___ RECORDS FOR THIS TASK ___

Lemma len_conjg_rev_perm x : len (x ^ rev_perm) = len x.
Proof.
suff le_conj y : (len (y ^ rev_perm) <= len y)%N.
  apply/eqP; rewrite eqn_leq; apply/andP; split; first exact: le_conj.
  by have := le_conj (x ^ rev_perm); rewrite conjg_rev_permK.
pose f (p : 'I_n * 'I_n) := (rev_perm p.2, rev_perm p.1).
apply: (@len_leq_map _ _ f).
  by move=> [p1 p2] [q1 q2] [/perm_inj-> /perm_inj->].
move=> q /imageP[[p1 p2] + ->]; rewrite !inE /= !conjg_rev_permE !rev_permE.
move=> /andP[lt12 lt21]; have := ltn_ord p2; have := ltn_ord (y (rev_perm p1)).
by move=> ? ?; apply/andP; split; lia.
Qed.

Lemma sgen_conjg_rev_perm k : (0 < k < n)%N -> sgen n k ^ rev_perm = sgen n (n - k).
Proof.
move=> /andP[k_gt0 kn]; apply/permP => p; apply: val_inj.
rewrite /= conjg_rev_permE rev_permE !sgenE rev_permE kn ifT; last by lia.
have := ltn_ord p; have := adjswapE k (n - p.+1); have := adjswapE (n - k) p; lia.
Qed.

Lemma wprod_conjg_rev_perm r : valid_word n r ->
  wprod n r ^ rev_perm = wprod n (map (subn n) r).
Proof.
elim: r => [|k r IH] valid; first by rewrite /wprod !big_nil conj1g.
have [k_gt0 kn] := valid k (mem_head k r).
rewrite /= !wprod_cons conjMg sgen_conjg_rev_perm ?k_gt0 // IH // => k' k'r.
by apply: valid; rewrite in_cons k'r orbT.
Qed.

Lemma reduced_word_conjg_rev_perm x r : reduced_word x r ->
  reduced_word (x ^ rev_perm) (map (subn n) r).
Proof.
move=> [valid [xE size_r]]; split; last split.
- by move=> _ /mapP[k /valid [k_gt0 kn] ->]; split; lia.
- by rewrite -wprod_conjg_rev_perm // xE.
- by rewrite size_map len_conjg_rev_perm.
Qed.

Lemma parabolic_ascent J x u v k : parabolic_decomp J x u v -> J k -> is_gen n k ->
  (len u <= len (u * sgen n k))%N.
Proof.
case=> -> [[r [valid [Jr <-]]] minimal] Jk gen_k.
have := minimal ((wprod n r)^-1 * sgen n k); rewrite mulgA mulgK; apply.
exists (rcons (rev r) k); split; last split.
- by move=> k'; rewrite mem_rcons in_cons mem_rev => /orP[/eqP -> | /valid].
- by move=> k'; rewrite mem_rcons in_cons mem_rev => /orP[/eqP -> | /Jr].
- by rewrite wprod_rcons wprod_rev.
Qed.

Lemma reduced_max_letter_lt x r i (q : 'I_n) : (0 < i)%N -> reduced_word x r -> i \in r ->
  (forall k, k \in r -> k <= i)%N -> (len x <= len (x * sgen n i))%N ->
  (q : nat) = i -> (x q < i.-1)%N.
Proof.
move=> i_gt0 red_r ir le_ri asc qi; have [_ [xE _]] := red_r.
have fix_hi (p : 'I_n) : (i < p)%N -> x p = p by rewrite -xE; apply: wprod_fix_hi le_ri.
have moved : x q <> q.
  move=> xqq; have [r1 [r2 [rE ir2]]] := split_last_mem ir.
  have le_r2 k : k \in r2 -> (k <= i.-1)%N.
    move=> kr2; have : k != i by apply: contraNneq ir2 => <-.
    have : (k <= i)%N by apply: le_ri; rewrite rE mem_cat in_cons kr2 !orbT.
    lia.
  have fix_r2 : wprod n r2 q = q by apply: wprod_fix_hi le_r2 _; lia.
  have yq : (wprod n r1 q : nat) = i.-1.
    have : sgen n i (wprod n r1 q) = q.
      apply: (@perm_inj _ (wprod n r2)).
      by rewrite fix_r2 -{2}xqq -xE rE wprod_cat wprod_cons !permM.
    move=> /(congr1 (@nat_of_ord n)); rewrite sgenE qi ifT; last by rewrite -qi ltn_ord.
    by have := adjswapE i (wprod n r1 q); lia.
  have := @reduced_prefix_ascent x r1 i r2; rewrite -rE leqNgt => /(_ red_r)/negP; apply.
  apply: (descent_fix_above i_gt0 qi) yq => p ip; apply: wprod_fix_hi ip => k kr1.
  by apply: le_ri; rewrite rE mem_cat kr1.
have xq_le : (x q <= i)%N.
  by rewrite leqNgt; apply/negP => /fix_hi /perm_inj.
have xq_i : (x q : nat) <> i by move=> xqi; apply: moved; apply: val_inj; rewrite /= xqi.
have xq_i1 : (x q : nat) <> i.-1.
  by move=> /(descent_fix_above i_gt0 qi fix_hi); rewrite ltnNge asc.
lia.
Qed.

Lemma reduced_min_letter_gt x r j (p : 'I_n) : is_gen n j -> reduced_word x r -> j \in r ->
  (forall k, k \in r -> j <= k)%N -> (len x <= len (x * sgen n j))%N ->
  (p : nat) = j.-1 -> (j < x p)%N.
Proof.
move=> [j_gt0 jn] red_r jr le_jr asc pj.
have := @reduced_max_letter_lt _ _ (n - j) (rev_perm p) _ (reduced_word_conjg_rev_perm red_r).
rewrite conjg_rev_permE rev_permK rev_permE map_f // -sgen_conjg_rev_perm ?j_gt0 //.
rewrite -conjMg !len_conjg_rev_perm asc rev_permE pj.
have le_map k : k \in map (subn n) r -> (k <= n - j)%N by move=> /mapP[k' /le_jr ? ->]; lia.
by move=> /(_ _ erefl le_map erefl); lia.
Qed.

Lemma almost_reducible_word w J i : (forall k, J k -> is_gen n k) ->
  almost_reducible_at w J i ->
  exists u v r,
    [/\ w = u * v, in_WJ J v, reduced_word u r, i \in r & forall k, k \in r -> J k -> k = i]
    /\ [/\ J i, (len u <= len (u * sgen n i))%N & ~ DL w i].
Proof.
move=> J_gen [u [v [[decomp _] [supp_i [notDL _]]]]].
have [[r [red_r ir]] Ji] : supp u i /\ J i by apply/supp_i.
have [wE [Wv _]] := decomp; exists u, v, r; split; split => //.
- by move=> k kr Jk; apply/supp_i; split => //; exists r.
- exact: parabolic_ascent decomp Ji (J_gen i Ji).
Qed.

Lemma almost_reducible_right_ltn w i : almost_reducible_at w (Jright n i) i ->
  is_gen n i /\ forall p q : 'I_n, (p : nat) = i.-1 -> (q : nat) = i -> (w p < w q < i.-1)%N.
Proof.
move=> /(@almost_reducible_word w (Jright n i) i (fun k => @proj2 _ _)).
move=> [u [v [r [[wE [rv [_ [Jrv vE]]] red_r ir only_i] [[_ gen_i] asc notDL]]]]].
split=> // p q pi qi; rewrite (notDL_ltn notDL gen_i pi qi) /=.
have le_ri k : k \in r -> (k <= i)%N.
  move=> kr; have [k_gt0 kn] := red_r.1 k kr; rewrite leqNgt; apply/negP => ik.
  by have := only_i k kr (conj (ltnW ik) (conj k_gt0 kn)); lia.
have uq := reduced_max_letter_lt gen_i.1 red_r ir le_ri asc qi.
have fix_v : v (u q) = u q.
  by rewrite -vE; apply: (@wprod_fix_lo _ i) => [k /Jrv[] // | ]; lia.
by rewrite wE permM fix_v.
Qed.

___

EXERCISE PROMPT |
The records shown above are to be copied exactly, every one of them.

WRITTEN ANSWER |
Lemma len_conjg_rev_perm x : len (x ^ rev_perm) = len x.
Proof.
suff le_conj y : (len (y ^ rev_perm) <= len y)%N.
  apply/eqP; rewrite eqn_leq; apply/andP; split; first exact: le_conj.
  by have := le_conj (x ^ rev_perm); rewrite conjg_rev_permK.
pose f (p : 'I_n * 'I_n) := (rev_perm p.2, rev_perm p.1).
apply: (@len_leq_map _ _ f).
  by move=> [p1 p2] [q1 q2] [/perm_inj-> /perm_inj->].
move=> q /imageP[[p1 p2] + ->]; rewrite !inE /= !conjg_rev_permE !rev_permE.
move=> /andP[lt12 lt21]; have := ltn_ord p2; have := ltn_ord (y (rev_perm p1)).
by move=> ? ?; apply/andP; split; lia.
Qed.

Lemma sgen_conjg_rev_perm k : (0 < k < n)%N -> sgen n k ^ rev_perm = sgen n (n - k).
Proof.
move=> /andP[k_gt0 kn]; apply/permP => p; apply: val_inj.
rewrite /= conjg_rev_permE rev_permE !sgenE rev_permE kn ifT; last by lia.
have := ltn_ord p; have := adjswapE k (n - p.+1); have := adjswapE (n - k) p; lia.
Qed.

Lemma wprod_conjg_rev_perm r : valid_word n r ->
  wprod n r ^ rev_perm = wprod n (map (subn n) r).
Proof.
elim: r => [|k r IH] valid; first by rewrite /wprod !big_nil conj1g.
have [k_gt0 kn] := valid k (mem_head k r).
rewrite /= !wprod_cons conjMg sgen_conjg_rev_perm ?k_gt0 // IH // => k' k'r.
by apply: valid; rewrite in_cons k'r orbT.
Qed.

Lemma reduced_word_conjg_rev_perm x r : reduced_word x r ->
  reduced_word (x ^ rev_perm) (map (subn n) r).
Proof.
move=> [valid [xE size_r]]; split; last split.
- by move=> _ /mapP[k /valid [k_gt0 kn] ->]; split; lia.
- by rewrite -wprod_conjg_rev_perm // xE.
- by rewrite size_map len_conjg_rev_perm.
Qed.

Lemma parabolic_ascent J x u v k : parabolic_decomp J x u v -> J k -> is_gen n k ->
  (len u <= len (u * sgen n k))%N.
Proof.
case=> -> [[r [valid [Jr <-]]] minimal] Jk gen_k.
have := minimal ((wprod n r)^-1 * sgen n k); rewrite mulgA mulgK; apply.
exists (rcons (rev r) k); split; last split.
- by move=> k'; rewrite mem_rcons in_cons mem_rev => /orP[/eqP -> | /valid].
- by move=> k'; rewrite mem_rcons in_cons mem_rev => /orP[/eqP -> | /Jr].
- by rewrite wprod_rcons wprod_rev.
Qed.

Lemma reduced_max_letter_lt x r i (q : 'I_n) : (0 < i)%N -> reduced_word x r -> i \in r ->
  (forall k, k \in r -> k <= i)%N -> (len x <= len (x * sgen n i))%N ->
  (q : nat) = i -> (x q < i.-1)%N.
Proof.
move=> i_gt0 red_r ir le_ri asc qi; have [_ [xE _]] := red_r.
have fix_hi (p : 'I_n) : (i < p)%N -> x p = p by rewrite -xE; apply: wprod_fix_hi le_ri.
have moved : x q <> q.
  move=> xqq; have [r1 [r2 [rE ir2]]] := split_last_mem ir.
  have le_r2 k : k \in r2 -> (k <= i.-1)%N.
    move=> kr2; have : k != i by apply: contraNneq ir2 => <-.
    have : (k <= i)%N by apply: le_ri; rewrite rE mem_cat in_cons kr2 !orbT.
    lia.
  have fix_r2 : wprod n r2 q = q by apply: wprod_fix_hi le_r2 _; lia.
  have yq : (wprod n r1 q : nat) = i.-1.
    have : sgen n i (wprod n r1 q) = q.
      apply: (@perm_inj _ (wprod n r2)).
      by rewrite fix_r2 -{2}xqq -xE rE wprod_cat wprod_cons !permM.
    move=> /(congr1 (@nat_of_ord n)); rewrite sgenE qi ifT; last by rewrite -qi ltn_ord.
    by have := adjswapE i (wprod n r1 q); lia.
  have := @reduced_prefix_ascent x r1 i r2; rewrite -rE leqNgt => /(_ red_r)/negP; apply.
  apply: (descent_fix_above i_gt0 qi) yq => p ip; apply: wprod_fix_hi ip => k kr1.
  by apply: le_ri; rewrite rE mem_cat kr1.
have xq_le : (x q <= i)%N.
  by rewrite leqNgt; apply/negP => /fix_hi /perm_inj.
have xq_i : (x q : nat) <> i by move=> xqi; apply: moved; apply: val_inj; rewrite /= xqi.
have xq_i1 : (x q : nat) <> i.-1.
  by move=> /(descent_fix_above i_gt0 qi fix_hi); rewrite ltnNge asc.
lia.
Qed.

Lemma reduced_min_letter_gt x r j (p : 'I_n) : is_gen n j -> reduced_word x r -> j \in r ->
  (forall k, k \in r -> j <= k)%N -> (len x <= len (x * sgen n j))%N ->
  (p : nat) = j.-1 -> (j < x p)%N.
Proof.
move=> [j_gt0 jn] red_r jr le_jr asc pj.
have := @reduced_max_letter_lt _ _ (n - j) (rev_perm p) _ (reduced_word_conjg_rev_perm red_r).
rewrite conjg_rev_permE rev_permK rev_permE map_f // -sgen_conjg_rev_perm ?j_gt0 //.
rewrite -conjMg !len_conjg_rev_perm asc rev_permE pj.
have le_map k : k \in map (subn n) r -> (k <= n - j)%N by move=> /mapP[k' /le_jr ? ->]; lia.
by move=> /(_ _ erefl le_map erefl); lia.
Qed.

Lemma almost_reducible_word w J i : (forall k, J k -> is_gen n k) ->
  almost_reducible_at w J i ->
  exists u v r,
    [/\ w = u * v, in_WJ J v, reduced_word u r, i \in r & forall k, k \in r -> J k -> k = i]
    /\ [/\ J i, (len u <= len (u * sgen n i))%N & ~ DL w i].
Proof.
move=> J_gen [u [v [[decomp _] [supp_i [notDL _]]]]].
have [[r [red_r ir]] Ji] : supp u i /\ J i by apply/supp_i.
have [wE [Wv _]] := decomp; exists u, v, r; split; split => //.
- by move=> k kr Jk; apply/supp_i; split => //; exists r.
- exact: parabolic_ascent decomp Ji (J_gen i Ji).
Qed.

Lemma almost_reducible_right_ltn w i : almost_reducible_at w (Jright n i) i ->
  is_gen n i /\ forall p q : 'I_n, (p : nat) = i.-1 -> (q : nat) = i -> (w p < w q < i.-1)%N.
Proof.
move=> /(@almost_reducible_word w (Jright n i) i (fun k => @proj2 _ _)).
move=> [u [v [r [[wE [rv [_ [Jrv vE]]] red_r ir only_i] [[_ gen_i] asc notDL]]]]].
split=> // p q pi qi; rewrite (notDL_ltn notDL gen_i pi qi) /=.
have le_ri k : k \in r -> (k <= i)%N.
  move=> kr; have [k_gt0 kn] := red_r.1 k kr; rewrite leqNgt; apply/negP => ik.
  by have := only_i k kr (conj (ltnW ik) (conj k_gt0 kn)); lia.
have uq := reduced_max_letter_lt gen_i.1 red_r ir le_ri asc qi.
have fix_v : v (u q) = u q.
  by rewrite -vE; apply: (@wprod_fix_lo _ i) => [k /Jrv[] // | ]; lia.
by rewrite wE permM fix_v.
Qed.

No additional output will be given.